Hi, in my project I need to run a stepper for a longer period uninterrupted and read data from a temperature sensor every second. What would be the best way to write the code so it can read the sensor without noticeably interrupting the stepper? Any thoughts on pseudo threads, interrupts or cooperative multitasking? All thoughts and pointers are welcome.
If your stepper motor driver supports pulse control via a timer, you can generate motor pulses in a hardware interrupt. Use a hardware timer to generate stepper pulses at a fixed interval. Use the main loop to read the temperature sensor.
You don't tell what components you have, but for example to read analog sensor it takes maybe ~0.1ms, is that noticeable for your stepper approach?
- Move the stepper 1 step (stop moving at destination), then read the sensor, then move the stepper 1 step (stop moving at destination) etc . . .
However, you can adjust the number of steps as necessary.
I think I may know the root cause of this problem. If you can describe what the stepper is doing, and I am correct, I can tell you the solution.

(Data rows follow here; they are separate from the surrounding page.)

(* Bounded deterioration.  Near [xs] the residual G is nearly linear: by the
   mean value theorem and the Hoelder bound on dG,
   |G y - G x - J (y - x)| <= L r^d |y - x| on the ball of radius r.  With
   Ji = J^-1 the update satisfies
     (Hbar - Ji) y = (H - Ji) (y - P_v y) + (v.y / v.v) (u - Ji v),
   where P_v is the orthogonal projection onto v and |u - Ji v| = O(r^d) |v|,
   so a bound eta on the Euclidean operator norm of H - Ji grows by at most
   C |x - xs|^d per step.  While eta is small the step x -> xbar halves the
   error, hence the growth is a convergent geometric series: the quantity
   eta + C / (1 - 2^-d) |x - xs|^d never increases, and for small initial
   error and small eta the iteration never leaves this regime.  Linear
   convergence of F gives u <> 0 off xs, and |u| <= 2 |Ji| |v| then gives
   v <> 0. *)

Section VectorNorm.
Variables (R : realType) (p : nat) (nv : 'cV[R]_p -> R).
Hypothesis nvP : is_vnorm nv.

Lemma nv_ge0 x : 0 <= nv x. Proof. by case: nvP. Qed.
Lemma nv_eq0 x : nv x = 0 -> x = 0. Proof. by case: nvP => _ + _ _; apply. Qed.
Lemma nvZ a x : nv (a *: x) = `|a| * nv x. Proof. by case: nvP. Qed.
Lemma nvD x y : nv (x + y) <= nv x + nv y. Proof. by case: nvP. Qed.

Lemma nv0 : nv 0 = 0.
Proof. by rewrite -(scale0r (0 : 'cV[R]_p)) nvZ normr0 mul0r. Qed.

Lemma nvN x : nv (- x) = nv x.
Proof. by rewrite -scaleN1r nvZ normrN normr1 mul1r. Qed.

Lemma nv_distC x y : nv (x - y) = nv (y - x).
Proof. by rewrite -opprB nvN. Qed.

Lemma nv_gt0 x : x != 0 -> 0 < nv x.
Proof. by move=> x_neq0; rewrite lt_def nv_ge0 andbT; apply: contra x_neq0 => /eqP/nv_eq0->. Qed.

Lemma ler_nv_distD x y z : nv (x - z) <= nv (x - y) + nv (y - z).
Proof. by have := nvD (x - y) (y - z); rewrite addrA subrK. Qed.

Lemma ler_nv_dist x y : `|nv x - nv y| <= nv (x - y).
Proof.
have := ler_nv_distD x y 0; have := ler_nv_distD y x 0.
rewrite !subr0 (nv_distC y) ler_norml => ? ?; apply/andP; split; lra.
Qed.

Lemma nv_sum (I : Type) (r : seq I) (P : pred I) (f : I -> 'cV[R]_p) :
  nv (\sum_(i <- r | P i) f i) <= \sum_(i <- r | P i) nv (f i).
Proof.
apply: (big_rec2 (fun y1 y2 => nv y1 <= y2)); first by rewrite nv0.
by move=> i y1 y2 _ IH; apply: le_trans (nvD _ _) (lerD (lexx _) IH).
Qed.

End VectorNorm.

Lemma mx_norm_entry_le (R : realDomainType) m n (A : 'M[R]_(m, n)) i j : `|A i j| <= `|A|.
Proof.
rewrite [leRHS]/Num.norm /= mx_normrE; apply/bigmax_geP; right => /=.
by exists (i, j).
Qed.

Lemma mx_norm_le (R : realDomainType) m n (A : 'M[R]_(m, n)) c :
  0 <= c -> (forall i j, `|A i j| <= c) -> `|A| <= c.
Proof.
move=> c_ge0 Ale; rewrite [leLHS]/Num.norm /= mx_normrE.
by apply/bigmax_leP; split => // ij _; apply: Ale.
Qed.

Lemma mx_norm_tr (R : realDomainType) m n (A : 'M[R]_(m, n)) : `|A^T| = `|A|.
Proof.
apply/le_anti/andP; split; apply: mx_norm_le => // i j; rewrite ?mxE.
  exact: (mx_norm_entry_le A j i).
by have := mx_norm_entry_le A^T j i; rewrite mxE.
Qed.

Lemma klipschitz_continuous (R : numFieldType) (V : normedModType R) (f : V -> R) (c : R) :
  0 < c -> (forall a b, `|f a - f b| <= c * `|a - b|) -> continuous f.
Proof.
move=> c_gt0 f_lip v; apply/cvgrPdist_lt => e e_gt0; near=> w.
apply: le_lt_trans (f_lip _ _) _; rewrite -ltr_pdivlMl //.
by near: w; apply: cvgr_dist_lt => //; rewrite mulr_gt0 // invr_gt0.
Unshelve. all: by end_near.
Qed.

Lemma halving_cvg0 (R : archiFieldType) (a : nat -> R) :
  (forall k, 0 <= a k) -> (forall k, a k.+1 <= a k / 2) -> a @ \oo --> 0.
Proof.
move=> a_ge0 a_half.
have a_geo k : a k <= a 0%N * (2^-1) ^+ k.
  elim: k => [|k IHk]; first by rewrite expr0 mulr1.
  apply: le_trans (a_half k) _.
  by rewrite exprS mulrCA [leLHS]mulrC ler_wpM2l.
apply: (@squeeze_cvgr _ _ _ _ (fun=> 0) (fun k => a 0%N * (2^-1) ^+ k)).
- by near=> k; rewrite a_ge0 a_geo.
- exact: cvg_cst.
- rewrite -[X in _ --> X](mulr0 (a 0%N)); apply: cvgMl_tmp; apply: cvg_expr.
  by rewrite ger0_norm ?invr_ge0 // invf_lt1 // ltr1n.
Unshelve. all: by end_near.
Qed.

Lemma exists_small_radius (R : realType) (d L g b : R) :
  0 < d -> 0 <= L -> 0 < g -> 0 < b -> exists2 r, 0 < r & r <= b /\ L * r `^ d <= g.
Proof.
move=> d_gt0 L_ge0 g_gt0 b_gt0; set g' := g / (L + 1).
have g'_gt0 : 0 < g' by rewrite divr_gt0 // ltr_wpDl.
exists (Num.min b (g' `^ d^-1)); first by rewrite lt_min b_gt0 powR_gt0.
split; first by rewrite ge_min lexx.
have r_le : Num.min b (g' `^ d^-1) <= g' `^ d^-1 by rewrite ge_min lexx orbT.
have rd_le : Num.min b (g' `^ d^-1) `^ d <= g'.
  apply: le_trans (ge0_ler_powR (ltW d_gt0) _ _ r_le) _.
  - by rewrite nnegrE le_min (ltW b_gt0) powR_ge0.
  - by rewrite nnegrE powR_ge0.
  by rewrite -powRrM mulVf ?gt_eqF // powRr1 // ltW.
apply: le_trans (ler_wpM2l L_ge0 rd_le) _.
by rewrite /g' mulrCA ger_pMr // ler_pdivrMr ?ltr_wpDl // mul1r lerDl.
Qed.

Section NormEquivalence.
Variables (R : realType) (p : nat) (nv : 'cV[R]_p -> R).
Hypothesis nvP : is_vnorm nv.

Lemma nv_le_mx_norm : exists2 c, 0 < c & forall x, nv x <= c * `|x|.
Proof.
exists (1 + \sum_i \sum_j nv (delta_mx i j)).
  by rewrite ltr_pwDl // !sumr_ge0 // => i _; rewrite sumr_ge0 // => j _; apply: nv_ge0.
move=> x; rewrite [in leLHS](matrix_sum_delta x).
apply: (@le_trans _ _ ((\sum_i \sum_j nv (delta_mx i j)) * `|x|)); last first.
  by rewrite mulrDl mul1r lerDr.
apply: le_trans (nv_sum nvP _ _ _) _; rewrite mulr_suml; apply: ler_sum => i _.
apply: le_trans (nv_sum nvP _ _ _) _; rewrite mulr_suml; apply: ler_sum => j _.
by rewrite (nvZ nvP) [leRHS]mulrC ler_wpM2r ?nv_ge0 ?mx_norm_entry_le.
Qed.

Hypothesis p_gt0 : (0 < p)%N.

(* The minimum of [nv] on the compact unit sphere of the sup norm is positive. *)
Lemma mx_norm_le_nv : exists2 c, 0 < c & forall x, `|x| <= c * nv x.
Proof.
have [c2 c2_gt0 nv_le] := nv_le_mx_norm.
pose f (v : 'rV[R]_p) := nv v^T.
pose A := [set v : 'rV[R]_p | `|v| = 1].
have f_cont : continuous f.
  apply: (@klipschitz_continuous _ _ _ c2) => // a b.
  apply: le_trans (ler_nv_dist nvP _ _) _.
  by rewrite -linearB /= -(mx_norm_tr (a - b)); apply: nv_le.
have A_neq0 : A !=set0.
  pose v0 : 'rV[R]_p := const_mx 1.
  have v0_neq0 : v0 != 0.
    apply/eqP => /matrixP /(_ 0 (Ordinal p_gt0)); rewrite !mxE => /eqP.
    by rewrite oner_eq0.
  exists (`|v0|^-1 *: v0); rewrite /A /= normrZ ger0_norm ?invr_ge0 //.
  by rewrite mulVf // normr_eq0.
have A_closed : closed A.
  apply: (@preimage_closed _ _ (fun v : 'rV[R]_p => `|v|) [set x : R | x = 1]).
    by move=> x _; apply: norm_continuous.
  exact: closed_eq.
have A_bounded : \forall M \near +oo, globally A [set x : 'rV[R]_p | `|x| <= M].
  by near=> M => v /= ->; near: M; apply: nbhs_pinfty_ge.
have [c cA fc_min] := EVT_min_rV A_neq0 (bounded_closed_compact A_bounded A_closed)
  (continuous_subspaceT f_cont).
have c_norm : `|c| = 1 by move: cA; rewrite inE.
have fc_gt0 : 0 < f c.
  apply: (nv_gt0 nvP); rewrite -[0]trmx0 (inj_eq (@trmx_inj _ _ _)).
  by apply: contraPneq c_norm => ->; rewrite normr0 => /eqP; rewrite eq_sym oner_eq0.
exists (f c)^-1; first by rewrite invr_gt0.
move=> x; have [->|x_neq0] := eqVneq x 0.
  by rewrite normr0 mulr_ge0 ?invr_ge0 ?nv_ge0 // ltW.
have x_gt0 : 0 < `|x| by rewrite normr_gt0.
have x1A : (`|x|^-1 *: x)^T \in A.
  by rewrite inE /A /= mx_norm_tr normrZ ger0_norm ?invr_ge0 // mulVf // gt_eqF.
have := fc_min _ x1A; rewrite /f trmxK (nvZ nvP) ger0_norm ?invr_ge0 //.
by rewrite ler_pdivlMl // ler_pdivlMl // mulrC.
Unshelve. all: by end_near.
Qed.

End NormEquivalence.

Section Euclidean.
Variables (R : realType) (p : nat).
Implicit Types (x y z u v w : 'cV[R]_p) (A B : 'M[R]_p).

Definition dotv x y : R := (x^T *m y) 0 0.
Definition enorm x : R := Num.sqrt (dotv x x).

Lemma dotvE x y : dotv x y = \sum_i x i 0 * y i 0.
Proof. by rewrite /dotv mxE; apply: eq_bigr => i _; rewrite mxE. Qed.

Lemma dotvC x y : dotv x y = dotv y x.
Proof. by rewrite !dotvE; apply: eq_bigr => i _; rewrite mulrC. Qed.

Lemma dotvDl x y z : dotv (x + y) z = dotv x z + dotv y z.
Proof. by rewrite /dotv linearD mulmxDl mxE. Qed.

Lemma dotvZl a x y : dotv (a *: x) y = a * dotv x y.
Proof. by rewrite /dotv linearZ -scalemxAl mxE. Qed.

Lemma dotvDr x y z : dotv x (y + z) = dotv x y + dotv x z.
Proof. by rewrite dotvC dotvDl !(dotvC x). Qed.

Lemma dotvZr a x y : dotv x (a *: y) = a * dotv x y.
Proof. by rewrite dotvC dotvZl dotvC. Qed.

Lemma dotv0r x : dotv x 0 = 0.
Proof. by rewrite /dotv mulmx0 mxE. Qed.

Lemma dotv_expand x y t :
  dotv (x + t *: y) (x + t *: y) = dotv x x + 2 * t * dotv x y + t ^+ 2 * dotv y y.
Proof.
by rewrite !dotvDl !dotvDr !dotvZl !dotvZr (dotvC y x); ring.
Qed.

Lemma dotv_ge0 x : 0 <= dotv x x.
Proof. by rewrite dotvE sumr_ge0 // => i _; rewrite -expr2 sqr_ge0. Qed.

Lemma dotv_eq0 x : dotv x x = 0 -> x = 0.
Proof.
rewrite dotvE => /eqP; rewrite psumr_eq0 => [/allP x0|i _]; last by rewrite -expr2 sqr_ge0.
apply/matrixP => i j; rewrite ord1 mxE.
by have /implyP/(_ isT) := x0 i (mem_index_enum _); rewrite mulf_eq0 orbb => /eqP.
Qed.

Lemma dotv_gt0 x : x != 0 -> 0 < dotv x x.
Proof.
by move=> x_neq0; rewrite lt_def dotv_ge0 andbT; apply: contra x_neq0 => /eqP/dotv_eq0->.
Qed.

Lemma dotv_sqr_le x y : dotv x y ^+ 2 <= dotv x x * dotv y y.
Proof.
have [->|y_neq0] := eqVneq y 0; first by rewrite !dotv0r expr0n mulr0.
have yy_gt0 := dotv_gt0 y_neq0.
have := dotv_ge0 (x + (- (dotv x y / dotv y y)) *: y); rewrite dotv_expand.
have -> : dotv x x + 2 * - (dotv x y / dotv y y) * dotv x y +
    (- (dotv x y / dotv y y)) ^+ 2 * dotv y y = dotv x x - dotv x y ^+ 2 / dotv y y.
  by field; rewrite gt_eqF.
by rewrite subr_ge0 ler_pdivrMr.
Qed.

Lemma enorm_ge0 x : 0 <= enorm x. Proof. exact: sqrtr_ge0. Qed.

Lemma enorm_gt0 x : x != 0 -> 0 < enorm x.
Proof. by move/dotv_gt0; rewrite sqrtr_gt0. Qed.

Lemma enorm_sqr x : enorm x ^+ 2 = dotv x x.
Proof. by rewrite sqr_sqrtr // dotv_ge0. Qed.

Lemma normr_dotv_le x y : `|dotv x y| <= enorm x * enorm y.
Proof. by rewrite -sqrtr_sqr -sqrtrM ?dotv_ge0 // ler_wsqrtr // dotv_sqr_le. Qed.

Lemma enormZ a x : enorm (a *: x) = `|a| * enorm x.
Proof.
by rewrite /enorm dotvZl dotvZr mulrA -expr2 sqrtrM ?sqr_ge0 // sqrtr_sqr.
Qed.

Lemma enormN x : enorm (- x) = enorm x.
Proof. by rewrite -scaleN1r enormZ normrN normr1 mul1r. Qed.

Lemma enormD x y : enorm (x + y) <= enorm x + enorm y.
Proof.
have xy_le : dotv x y <= enorm x * enorm y := le_trans (ler_norm _) (normr_dotv_le x y).
rewrite -(ger0_norm (addr_ge0 (enorm_ge0 x) (enorm_ge0 y))) -sqrtr_sqr ler_wsqrtr //.
have := dotv_expand x y 1; rewrite scale1r => ->.
rewrite sqrrD -!enorm_sqr mulr1 expr1n mul1r mulr2n; lra.
Qed.

Lemma normr_entry_le_enorm x i : `|x i 0| <= enorm x.
Proof.
rewrite -sqrtr_sqr ler_wsqrtr // dotvE (bigD1 i) //= expr2 lerDl.
by rewrite sumr_ge0 // => k _; rewrite -expr2 sqr_ge0.
Qed.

Wow, thanks for all the responses so far! the components used are a Nano, in combination with a BYJ48 with a ULN2003 driver and a DS18B20 temperature probe. I’m going to control the stepper and read the temperature over serial, and for that I devised a relative simple sketch that reads a code comparable to gcode and either runs the stepper or reads the temperature. The code is now blocking, but I’m assessing a non-blocking route going forward.
Hope that helps!
TIA
- Do you understand Post #4 ?
I believe I do, but just to cross-check. I imagine it to be a FIFO command buffer where stepper commands are queued and processed incrementally in the loop, while temperature commands are handled immediately. The stepper commands are processed until their steps reach zero, at which point they're removed from the buffer. To illustrate I prepared a simplified pseudo-code snippet:
void loop() {
// Read and handle incoming commands
readCommandsFromSerial();
// If a stepper command is received, add it to the buffer
if (cmd == STEPPER) {
pushStepperCommand(steps, direction);
}
// Process stepper commands from the buffer
if (stepperBuffer not empty) {
processCurrentStepperCommand();
if (currentCommandCompleted) removeCommandFromBuffer();
}
// Process temperature command if received
if (cmd == TEMP) {
processTemperatureCommand();
}
}
Would this be considered a form of cooperative multitasking?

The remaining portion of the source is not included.